Car « pour être bûcheron, il faut indéniablement la passion de la nature », livre André Claus. L’activité est en effet loin d’être tranquille. « Il ne faut pas avoir peur de se salir, de se faire mal ou de travailler par tous les temps, y compris la pluie. Mais même dans ces moments-là, les bois ont leur charme ». Alors que ce type de profession nécessite de rester des heures dans le froid, à couper, tailler, déblayer, c’est « statistiquement, le second métier le plus risqué en termes d’accidents corporels, après marin pêcheur », souligne-t-il. Autant dire que de la motivation et de l’envie, il en faut. « Le plus dangereux ? Les pentes, les chutes d’arbres, et aussi le matériel ». L’évolution du métier a néanmoins aussi modifié la manière de fonctionner des bûcherons. Jadis, c’était une tradition qui se perpétuait de père en fils, sans réelle formation. « Moi, j’ai appris sur le tas, c’est la meilleure des écoles. Il y a même un dicton qui dit qu’on ne connaît pas son métier de bûcheron avant la retraite ». Aujourd’hui, suite à de nombreux accidents, et pour respecter les législations européennes, il faut faire des apprentissages et passer diverses formations. C’est ainsi que, pour transmettre son savoir, le jeune retraité a durant 15 ans été formateur à l’école de bûcherons de Saverne. « Je répétais à ceux qui voulaient se perfectionner que l’important était d’être autonome. Savoir bien gérer son terrain prend bien cinq ans, les gestes doivent être plus précis qu’on ne peut l’imaginer. On ne tranche pas un arbre comme ça, il faut du respect et du savoir-faire ». Pour André Claus, « quand on se promène dans la forêt et qu’on la trouve belle, on n’imagine pas en fait tout le travail qu’il y a derrière ».
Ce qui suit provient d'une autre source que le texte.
Section FirstOrderExpansion.
Context {R : realType} {d : nat}.
Local Notation V := 'rV[R]_d.
Implicit Types (b v x : V) (t : R).

Definition row_prefix v (k : nat) : V := \row_j (if (j < k)%N then v 0 j else 0).

Lemma row_prefix0 v : row_prefix v 0 = 0.
Proof. by apply/rowP => j; rewrite !mxE. Qed.

Lemma row_prefix_full v : row_prefix v d = v.
Proof. by apply/rowP => j; rewrite !mxE ltn_ord. Qed.

Lemma row_prefixS v (k : 'I_d) : row_prefix v k.+1 = row_prefix v k + v 0 k *: evec k.
Proof.
apply/rowP => j; rewrite !mxE eqxx /= ltnS leq_eqVlt.
have [->|jk] := eqVneq j k; first by rewrite eqxx ltnn add0r mulr1.
by rewrite (inj_eq val_inj) (negbTE jk) mulr0 addr0.
Qed.

Lemma enorm_row_prefix v k : enorm (row_prefix v k) <= enorm v.
Proof.
rewrite ler_enorm; apply: ler_sum => j _; rewrite !mxE.
by case: ifP => _ //; rewrite mul0r -expr2 sqr_ge0.
Qed.

Context {f : V -> R}.
Hypothesis f_cont : continuous f.
Hypothesis f_partial : forall i x, derivable f x (evec i).

Lemma partial_MVT x (i : 'I_d) t : exists2 s, `|s| <= `|t| &
  f (x + t *: evec i) - f x = 'D_(evec i) f (x + s *: evec i) * t.
Proof.
pose phi s := f (x + s *: evec i).
have phi' (s : R) : is_derive s 1 phi ('D_(evec i) f (x + s *: evec i)).
  have E : (fun h : R => h^-1 *: ((phi \o shift s) (h *: 1) - phi s)) =
      (fun h => h^-1 *: ((f \o shift (x + s *: evec i)) (h *: evec i) - phi s)).
    by apply/funext => h; rewrite /phi /shift /= [_%:A]mulr1 scalerDl addrCA.
  by split; rewrite /derivable /derive E //; exact: f_partial.
have phic : continuous phi.
  move=> s; apply: (@continuous_comp _ _ _ (fun s : R => x + s *: evec i) f).
    by apply: continuousD; [exact: cst_continuous|exact: scalel_continuous].
  exact: f_cont.
suff : exists2 s, `|s| <= `|t| & phi t - phi 0 = 'D_(evec i) f (x + s *: evec i) * t.
  by rewrite /phi scale0r addr0.
have [t0|t0] := leP 0 t.
  have [s] := MVT_segment t0 (fun s _ => phi' s) (continuous_subspaceT phic).
  rewrite in_itv /= => /andP [s0 st] E; exists s; last by rewrite E subr0.
  by rewrite !ger0_norm // (le_trans s0 st).
have [s] := MVT_segment (ltW t0) (fun s _ => phi' s) (continuous_subspaceT phic).
rewrite in_itv /= => /andP [ts s0] E; exists s.
  by rewrite ler0_norm // (ltr0_norm t0) lerN2.
by apply/eqP; rewrite -opprB E sub0r mulrN opprK.
Qed.

(* Telescope along the coordinate axes, one mean value step per coordinate. *)
Lemma increment_le b v th :
  (forall x i, enorm (x - b) <= 2 * enorm v ->
     `|'D_(evec i) f x - 'D_(evec i) f b| <= th) ->
  f (b + v) - f b <= dotp (grad f b) v + th * d%:R * enorm v.
Proof.
move=> near_b.
suff prefix k : (k <= d)%N -> f (b + row_prefix v k) - f b <=
    dotp (grad f b) (row_prefix v k) + th * k%:R * enorm v.
  by have := prefix d (leqnn d); rewrite row_prefix_full.
elim: k => [_|k IHk kd]; first by rewrite row_prefix0 addr0 subrr dotp0r mulr0 mul0r addr0.
have /= := IHk (ltnW kd); pose i := Ordinal kd.
rewrite -[k]/(val i) row_prefixS addrA; set x := b + row_prefix v i => fx.
have [s si Ex] := partial_MVT x i (v 0 i).
have sv : enorm (x + s *: evec i - b) <= 2 * enorm v.
  rewrite /x addrAC [b + _]addrC addrK; apply: le_trans (enormD_le _ _) _.
  rewrite enormZ enorm_evec mulr1 mulr2n mulrDl mul1r.
  by rewrite lerD ?enorm_row_prefix // (le_trans si (coord_le_enorm _ _)).
have Ds := near_b _ i sv.
set Dx := 'D_(evec i) f (x + s *: evec i) in Ds Ex.
set Db := 'D_(evec i) f b in Ds.
have : (Dx - Db) * v 0 i <= th * enorm v.
  apply: le_trans (ler_norm _) _; rewrite normrM.
  by apply: ler_pM => //; exact: coord_le_enorm.
have -> : dotp (grad f b) (row_prefix v i + v 0 i *: evec i) =
    dotp (grad f b) (row_prefix v i) + v 0 i * Db.
  by rewrite dotpDr dotpZr dotp_evec mxE.
by rewrite -natr1; lra.
Qed.

Hypothesis partial_cont : forall i, continuous ('D_(evec i) f).

Lemma descent {b v} : dotp (grad f b) v < 0 -> \forall t \near 0^'+, f (b + t *: v) < f b.
Proof.
move=> gv0; set gv := dotp _ v in gv0.
have nv1 : 0 < 2 * (d%:R * enorm v + 1).
  by rewrite mulr_gt0 // ltr_wpDl ?mulr_ge0 ?enorm_ge0.
pose th := - gv / (2 * (d%:R * enorm v + 1)).
have th0 : 0 < th by rewrite divr_gt0 // oppr_gt0.
have thv : th * d%:R * enorm v <= - gv / 2.
  have : th * (2 * (d%:R * enorm v + 1)) = - gv by rewrite divfK // gt_eqF.
  by lra.
have : \forall x \near b, forall i, `|'D_(evec i) f x - 'D_(evec i) f b| < th.
  apply: (@filter_forall _ _ (fun i x => `|'D_(evec i) f x - 'D_(evec i) f b| < th)
    _ (nbhs_filter b)) => i.
  by apply: filterS (cvgr_dist_lt _ _ (partial_cont i b) _ th0) => x; rewrite distrC.
move=> /nbhs_enormP [del del0 near_b].
have v1 : 0 < 2 * enorm v + 1 by rewrite ltr_wpDl ?mulr_ge0 ?enorm_ge0.
near=> t.
have t0 : 0 < t by near: t; exact: nbhs_right_gt.
have tv : 2 * (t * enorm v) < del.
  have : t * (2 * enorm v + 1) < del.
    by rewrite -ltr_pdivlMr //; near: t; apply: nbhs_right_lt; rewrite divr_gt0.
  by rewrite mulrDr mulr1 mulrCA; lra.
have := @increment_le b (t *: v) th; rewrite dotpZr enormZ gtr0_norm //.
move=> /(_ (fun x i xb => ltW (near_b x (le_lt_trans xb tv) i))); rewrite -/gv mulrCA.
have : t * (th * d%:R * enorm v) <= t * (- gv / 2) by rewrite ler_wpM2l // ltW.
have : t * gv < 0 by rewrite pmulr_rlt0.
by lra.
Unshelve. all: by end_near.
Qed.

End FirstOrderExpansion.

Section PositiveReach.
Context {R : realType} {d : nat}.
Local Notation V := 'rV[R]_d.
Implicit Types (a b c q x y z : V).

Context {A : set V} {rho : R}.
Hypothesis A_closed : closed A.
Hypothesis A_reach : forall z, distA A z < rho -> unique_nearest A z.

Lemma nearest_point {x} : distA A x < rho -> exists2 q, A q & enorm (x - q) = distA A x.
Proof. by move=> /A_reach [q [[Aq xq] _]]; exists q. Qed.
Côté pratique, la coupe de bois va essentiellement servir à deux types d’utilisation : le bois d’œuvre, qui est fait avec le tronc, et le bois de chauffe, qui est lui confectionné à partir de la cime. « On coupe toutes les variétés d’arbres, les résineux et les feuillus ». Et pour savoir quel arbre abattre, le bûcheron ne travaille pas seul mais en collaboration avec un garde forestier de l’ONF. « Avant la réforme de l’ONF en 2002, nous étions regroupés en triage, c’est-à-dire en parcelles de 800 à 1 000 hectares dont nous avions, à neuf ou dix, la gestion. Mais maintenant, avec le manque de bûcherons, c’est quatre bonhommes pour quatre triages », indique André Claus.
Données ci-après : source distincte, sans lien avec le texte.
(* Let $\lambda\in P$, $\lhd\in\mathrm{RO}(\lambda,\Delta^+)$ and $w\in W$. For every $A\in\mathcal{A}(w,\Gamma)$ one has $\mathrm{wt}(A)=\mathrm{wt}(\Xi(A))$.
   Context: Let $\mathfrak{g}$ be a finite-dimensional complex simple Lie algebra with root system $\Delta$, positive roots $\Delta^+$, Weyl group $W$ with length function $\ell$ and reflections $s_\alpha$, weight lattice $P$, $\mathfrak{h}^*_{\mathbb{R}}=P\otimes_{\mathbb{Z}}\mathbb{R}$, pairing $\langle\cdot,\cdot\rangle$, $\alpha^\vee$ the coroot of $\alpha$, $\rho=\frac12\sum_{\alpha\in\Delta^+}\alpha$. For $\alpha\in\Delta$, $\operatorname{sgn}(\alpha)=\pm1$ according as $\alpha\in\pm\Delta^+$, and $|\alpha|=\operatorname{sgn}(\alpha)\alpha$. For $\alpha\in\Delta$, $k\in\mathbb{Z}$, the affine reflection $s_{\alpha,k}$ of $\mathfrak{h}^*_{\mathbb{R}}$ is $s_{\alpha,k}(\nu)=\nu-(\langle\nu,\alpha^\vee\rangle-k)\alpha$. For $\lambda\in P$, $\Delta^+(\lambda)_{>0}$, $\Delta^+(\lambda)_{=0}$, $\Delta^+(\lambda)_{<0}$ are the sets of $\alpha\in\Delta^+$ with $\langle\lambda,\alpha^\vee\rangle>0$, $=0$, $<0$. Quantum Bruhat graph $\mathrm{QBG}(W)$: vertices $W$; an edge $x\xrightarrow{\alpha}y$ ($\alpha\in\Delta^+$) whenever $y=xs_\alpha$ and either $\ell(y)=\ell(x)+1$ (Bruhat edge) or $\ell(y)=\ell(x)-2\langle\rho,\alpha^\vee\rangle+1$ (quantum edge). Reflection orders: a total order $\lhd$ on $\Delta^+$ is a reflection order if whenever $\alpha,\beta,\alpha+\beta\in\Delta^+$, either $\alpha\lhd\alpha+\beta\lhd\beta$ or $\beta\lhd\alpha+\beta\lhd\alpha$; $\mathrm{RO}(\lambda,\Delta^+)$ is the set of those with $\alpha\lhd\beta\lhd\gamma$ for $\alpha\in\Delta^+(\lambda)_{<0}$, $\beta\in\Delta^+(\lambda)_{=0}$, $\gamma\in\Delta^+(\lambda)_{>0}$. Fix such $\lhd$. Interpolated QLS paths: for $x,y\in W$, $\sigma\in\mathbb{Q}$, write $x\overset{(\lambda,+)}{\Longrightarrow}_\sigma y$ if there is a directed path $x=x_0\xrightarrow{\gamma_1}x_1\to\cdots\xrightarrow{\gamma_r}x_r=y$ in $\mathrm{QBG}(W)$ ($r\ge0$) with all $\gamma_k\in\Delta^+(\lambda)_{>0}$, $\gamma_{k+1}\lhd\gamma_k$ for all $k$, and $\sigma\langle\lambda,\gamma_k^\vee\rangle\in\mathbb{Z}$ for all $k$; $x\overset{(\lambda,-)}{\Longrightarrow}_\sigma y$ is defined identically with $\Delta^+(\lambda)_{<0}$ in place of $\Delta^+(\lambda)_{>0}$. An interpolated QLS path of shape $\lambda$ is a triple $\eta=(x_1,\dots,x_s;y_1,\dots,y_{s-1};\sigma_0,\dots,\sigma_s)$ ($s\ge1$) with $x_i,y_i\in W$, $x_i\ne x_{i+1}$, $y_i\ne y_{i+1}$, $\sigma_i\in\mathbb{Q}$, $0=\sigma_0<\sigma_1<\dots<\sigma_s=1$, and for $1\le i\le s-1$: $x_{i+1}\overset{(\lambda,-)}{\Longrightarrow}_{\sigma_i}y_i$ and $y_i\overset{(\lambda,+)}{\Longrightarrow}_{\sigma_i}x_i$. $\mathrm{IQLS}(\lambda)$ is the set of these; its weight is $\mathrm{wt}(\eta):=\sum_{k=1}^s(\sigma_k-\sigma_{k-1})x_k\lambda$. Affine data: real affine coroots $\gamma^\vee+k\tilde\delta$ ($\gamma\in\Delta$, $k\in\mathbb{Z}$, $\tilde\delta$ formal); for $\beta^\vee=\gamma^\vee+k\tilde\delta$ put $\overline{\beta^\vee}=\gamma^\vee$, $\overline\beta=\gamma$, $\deg(\beta^\vee)=k$; it is positive if $k>0$ or ($k=0$, $\gamma\in\Delta^+$), negative otherwise; $t_\lambda(\gamma^\vee+k\tilde\delta)=\gamma^\vee+(k-\langle\lambda,\gamma^\vee\rangle)\tilde\delta$; $\mathrm{Inv}(\lambda)$ is the set of positive real affine coroots $\beta^\vee$ with $t_\lambda(\beta^\vee)$ negative (for these, $\langle\lambda,\overline{\beta^\vee}\rangle>0$ and $\overline\beta\in\Delta^+(\lambda)_{>0}\sqcup(-\Delta^+(\lambda)_{<0})$); put $d(\beta^\vee)=\deg(\beta^\vee)/\langle\lambda,\overline{\beta^\vee}\rangle$. Order $\prec$ on $\Delta^+(\lambda)_{>0}\sqcup(-\Delta^+(\lambda)_{<0})$: elements of $\Delta^+(\lambda)_{>0}$ precede those of $-\Delta^+(\lambda)_{<0}$; $\gamma\prec\gamma'$ iff $\gamma\lhd\gamma'$ on $\Delta^+(\lambda)_{>0}$; $-\alpha\prec-\alpha'$ iff $\alpha\lhd\alpha'$ on $-\Delta^+(\lambda)_{<0}$. Order $<$ on $\mathrm{Inv}(\lambda)$: $\beta^\vee<\beta'^\vee$ iff $d(\beta^\vee)<d(\beta'^\vee)$, or they are equal and $\overline{\beta'}\prec\overline\beta$. Write $\mathrm{Inv}(\lambda)=\{\beta_1^\vee<\dots<\beta_r^\vee\}$, $\gamma_k:=\overline{\beta_k}$, $d_k:=d(\beta_k^\vee)$, $l_k:=\deg(\beta_k^\vee)$, and $\Gamma:=(\gamma_1,\dots,\gamma_r)$. Admissible subsets: for $w\in W$, $\mathcal{A}(w,\Gamma)$ is the set of $A=\{j_1<\dots<j_p\}\subseteq\{1,\dots,r\}$ such that $w=u_0\xrightarrow{|\gamma_{j_1}|}u_1\to\cdots\xrightarrow{|\gamma_{j_p}|}u_p$ is a directed path in $\mathrm{QBG}(W)$, where $u_a:=ws_{|\gamma_{j_1}|}\cdots s_{|\gamma_{j_a}|}$; its weight is $\mathrm{wt}(A):=-w\,s_{\gamma_{j_1},-l_{j_1}}\cdots s_{\gamma_{j_p},-l_{j_p}}(-\lambda)$. One has $0\le d_{j_1}\le\dots\le d_{j_p}\le1$. The map $\Xi$: let $0<c_1<\dots<c_{t-1}<1$ ($t\ge1$) be the distinct values among $d_{j_1},\dots,d_{j_p}$ lying strictly between $0$ and $1$; put $c_0:=0$, $c_t:=1$. For $1\le a\le t$ let $m_a:=\#\{b\mid d_{j_b}<c_a\}$; for $1\le a\le t-1$ let $n_a:=m_a+\#\{b\mid m_a<b\le m_{a+1},\ \gamma_{j_b}\in-\Delta^+\}$. Then $\Xi(A):=(x_1,\dots,x_t;y_1,\dots,y_{t-1};\sigma_0,\dots,\sigma_t)$ with $x_i:=u_{m_{t+1-i}}$, $y_i:=u_{n_{t-i}}$, $\sigma_i:=1-c_{t-i}$; this lies in $\mathrm{IQLS}(\lambda)$. *)

(* Root system of a finite-dimensional complex simple Lie
   algebra, realized on h^*_Q = Q^n in the basis of simple roots. *)
From Stdlib Require Import ClassicalDescription.
From HB Require Import structures.
From mathcomp Require Import all_boot all_order all_algebra.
Travailler avec son propre matériel
Après 2002, les bûcherons ont plus fonctionné comme des entreprises. « On n’a plus de triage d’attache. On fonctionne sur commande dorénavant ». Mais ce qui ne change pas, c’est que le bûcheron travaille toujours avec son propre matériel. « C’est peut-être ce qui peut expliquer la désaffection pour le métier aujourd’hui. Il faut payer son matériel et une voiture qui marche bien. Avant, on n’intervenait que dans un secteur, je faisais à tout casser 5 000 kilomètres par an. Là, on est plus proche des 20 000. Tout acheter devient un sacré investissement. »
Et alors qu’il a été amené à couvrir un vaste territoire, du sud de la France à l’Alsace, quand en 1999 la tempête Lothar a sévi, le bûcheron a été meurtri. « C’était horrible, désolant. J’en avais les larmes aux yeux. Ça a vraiment été un coup au moral. Mais bon, il a fallu penser à l’après-tempête. On a déblayé, replanté. Aujourd’hui, douze ans après, la nature a repris ses droits, il n’y a plus aucune trace. Mais sur le coup, c’était comme si son chez-soi était complètement cassé », se souvient-il.
Après plus de 30 ans passés en forêt, son amour pour ce paysage et ce territoire est toujours aussi fort. « Il n’y a pas un matin où je me sois dit que je n’avais pas envie d’aller au boulot. J’ai eu la chance de pouvoir faire de ma passion mon métier, et ça, c’est formidable », conclut André Claus, chemise à carreaux fétiche sur les épaules et bonnet vissé sur la tête.